Stanley Kubrick ideó una de las películas de culto de ciencia ficción, que basaba su relato espacial en el año 2001. En ese momento, una nave abandona la Tierra rumbo a Júpiter, un lugar inexplorado. Un cambio radical, un experimento, un avance. Elementos, todos ellos, que experimentó un bisoño Pau Gasol ese mismo año. Llegó y explotó en la ACB sin avisar. Fue un auténtica revolución, se convirtió en un fugaz referente para el Barcelona y partió a la NBA, aún desconocida para muchos, con la nave cargada de razones para triunfar en el destino soñado. El añorado Andrés Montes le aludiría desde ese instante como E.T. Gasol. Un extraterrestre criado en Sant Boi, espigado, valiente y rápido, llegó a la cima del baloncesto mundial quemando etapas nacionales con unos números y una velocidad de vértigo. Si habrá otro marciano igual, tardaremos tiempo en encontrarlo.

El aterrizaje en la Tierra fue silencioso, desapercibido por todos. Apenas 29 segundos en Cáceres. Algunos más, fechas después, frente a Caja Cantabria y Girona. Era la temporada 98/99. Pau Gasol se convirtió en un fijo en el primer equipo del Barcelona el curso siguiente pero solo promedió 14 minutos y 4 puntos por partido, siendo el decimosegundo jugador con ficha en la primera plantilla. El de Sant Boi empezaba a ser conocido en las entrañas del club catalán, pero no despertaba las curiosidad de la mayoría de los aficionados al baloncesto español.

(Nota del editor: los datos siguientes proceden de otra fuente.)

Lemma common_point_off_sparse T (A : set T) p s (W : T -> forall i, set (K i)) :
  ~ countable A -> (forall a, A a -> open_box_at (p a) (s a) (W a)) ->
  (forall l, l != l0 -> countable [set a | A a /\ l \in s a]) ->
  common_point_off A W.
Proof.
move=> nA Abox sparse.
have [M [MA nM Mdisj]] := uncountable_disjoint_off_subfamily nA sparse.
have [a0 _] := uncountable_neq0 nA.
have [y My] := common_point_off_glue (p a0) (fun a Ma => Abox a (MA a Ma)) Mdisj.
by exists y, M.
Qed.

Lemma common_point_off_boxes n T (A : set T) p s (W : T -> forall i, set (K i)) :
  ~ countable A ->
  (forall a, A a -> open_box_at (p a) (s a) (W a) /\ (size (s a) <= n)%N) ->
  common_point_off A W.
Proof.
(* Either some coordinate [l != l0] is used by uncountably many boxes, and the
   calibre of [K l] removes it from their supports, or the supports are sparse. *)
elim: n T A p s W => [|n IH] T A p s W nA Abox.
all: have [[l [ll0 nAl]]|sparse] :=
    pselect (exists l, l != l0 /\ ~ countable [set a | A a /\ l \in s a]);
  last by apply: common_point_off_sparse (fun a Aa => (Abox a Aa).1) _ => // l ll0;
          apply: contrapT => nc; apply: sparse; exists l.
  have [a [Aa]] := uncountable_neq0 nAl.
  by have [_] := Abox a Aa; rewrite leqn0 => /nilP ->.
have lW a : A a /\ l \in s a -> open (W a l) /\ W a l !=set0.
  by move=> [Aa _]; have [[oW pW _] _] := Abox a Aa; split; [|exists (p a l)].
have [x [A2 [A2A nA2] A2x]] := calibre_aleph1_family (calK ll0) nAl lW.
apply: (common_point_offS (fun a A2a => (A2A a A2a).1)).
apply: (common_point_off_dfwith A2x).
apply: (IH _ A2 p (fun a => [seq i <- s a | i != l])) => // a A2a.
have [Aa las] := A2A a A2a; have [boxa sizea] := Abox a Aa.
split; first exact: open_box_at_dfwithT.
by rewrite -ltnS; exact: leq_trans (size_filter_predC1_lt las) sizea.
Qed.

Lemma common_point_off_open_boxes T (A : set T) p s (W : T -> forall i, set (K i)) :
  ~ countable A -> (forall a, A a -> open_box_at (p a) (s a) (W a)) ->
  common_point_off A W.
Proof.
move=> nA Abox.
have [n nAn] : exists n, ~ countable (A `&` [set a | (size (s a) <= n)%N]).
  by apply: uncountable_bigcup_nat nA _ => a _; exists (size (s a)) => //=.
apply: common_point_offS (@subIsetl _ A _) _.
by apply: (common_point_off_boxes (n := n) (p := p) (s := s) nAn) => a [/Abox].
Qed.

End calibre_off_l0.

Lemma prod_cozero_ccc (R : realType) (l0 : I) :
  (forall l, l != l0 -> calibre_aleph1 (K l)) -> cozero_ccc R (K l0) -> cozero_ccc R P.
Proof.
move=> calK ccc0 F Fcoz Fdisj; apply: contrapT => nF.
have [z0 _] : [set: P] !=set0.
  by have [D FD] := uncountable_neq0 nF; have [_ [z _]] := Fcoz D FD; exists z.
have /choice [pick pickP] : forall D : set P, exists psW : P * seq I * (forall i, set (K i)),
    F D -> open_box_at psW.1.1 psW.1.2 psW.2 /\ box psW.2 `<=` D.
  move=> D; have [FD|nFD] := pselect (F D); last by exists (z0, [::], fun=> setT) => /nFD.
  have [Dcoz [p Dp]] := Fcoz D FD.
  have /nbhs_open_box [s [W boxW]] : nbhs p D.
    by apply: open_nbhs_nbhs; split=> //; exact: cozero_set_open Dcoz.
  by exists (p, s, W).
have [y [A' [A'F nA' A'y]]] := common_point_off_open_boxes calK nF (fun D FD => (pickP D FD).1).
pose sec D := dfwith y l0 @^-1` D.
have sec_pick D : A' D -> sec D ((pick D).1.1 l0).
  move=> A'D; have [[_ pW _] WD] := pickP D (A'F D A'D); apply: WD => i.
  by case: dfwithP => [|j l0j]; [exact: pW | apply: A'y; rewrite // eq_sym].
apply/nA'/(inj_rel_countable (B := sec @` A') (rel := fun D S => sec D = S)).
- apply: ccc0 => [_ [D A'D <-]|_ _ x [D A'D <-] [D' A'D' <-] Dx D'x].
    split; last by exists ((pick D).1.1 l0); exact: sec_pick.
    apply: (@cozero_set_preimage R P); first exact: dfwith_continuous.
    by have [] := Fcoz D (A'F D A'D).
  by rewrite (Fdisj D D' _ (A'F D A'D) (A'F D' A'D') Dx D'x).
- by move=> D A'D; exists (sec D) => //; exists D.
- move=> D D' _ A'D A'D' _ <- secDD'.
  have D'x : sec D' ((pick D).1.1 l0) by rewrite secDD'; exact: sec_pick.
  exact: Fdisj (A'F D A'D) (A'F D' A'D') (sec_pick D A'D) D'x.
Qed.

End product_boxes.

Theorem corollary6p5 (R : realType) (Lambda : Type)
    (X : Lambda -> topologicalType) (l0 : Lambda) :
  C_countable_sup_property R (X l0) ->
  (forall l, l <> l0 -> calibre_aleph1 (X l)) ->
  C_countable_sup_property R (prod_topology X).
Proof.
move=> csp0 calX; apply: cozero_ccc_csp.
apply: (@prod_cozero_ccc {classic Lambda} X R l0) => [l /eqP|]; first exact: calX.
exact: csp_cozero_ccc.
Qed.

Para eso hubo que esperar un año más. Entonces sí, la aparición alienígena. El año 2001 de Pau fue inolvidable.

El caso Seikaly

El Barcelona de Aíto García Reneses había contratado al experimentado pívot NBA Rony Seikaly. El jugador de origen libanés, con diez años de experiencia en la mejor liga del mundo, llegaba al equipo con un rol importante, pero su aventura duró apenas tres partidos. Problemas físicos, mala adaptación y algún que otro agravante disciplinario terminaron con la brevísima etapa de Seikaly en el club. La temporada ya había comenzado y el Barcelona sufría un traspiés en su planificación. Lejos de buscar a un sustituto, Aíto fichó a un base, Michael Hawkins, y cedió el hueco de Seikaly a Pau Gasol. Una apuesta arriesgada del técnico que terminó siendo un auténtico descubrimiento. Una eclosión inesperada y veloz.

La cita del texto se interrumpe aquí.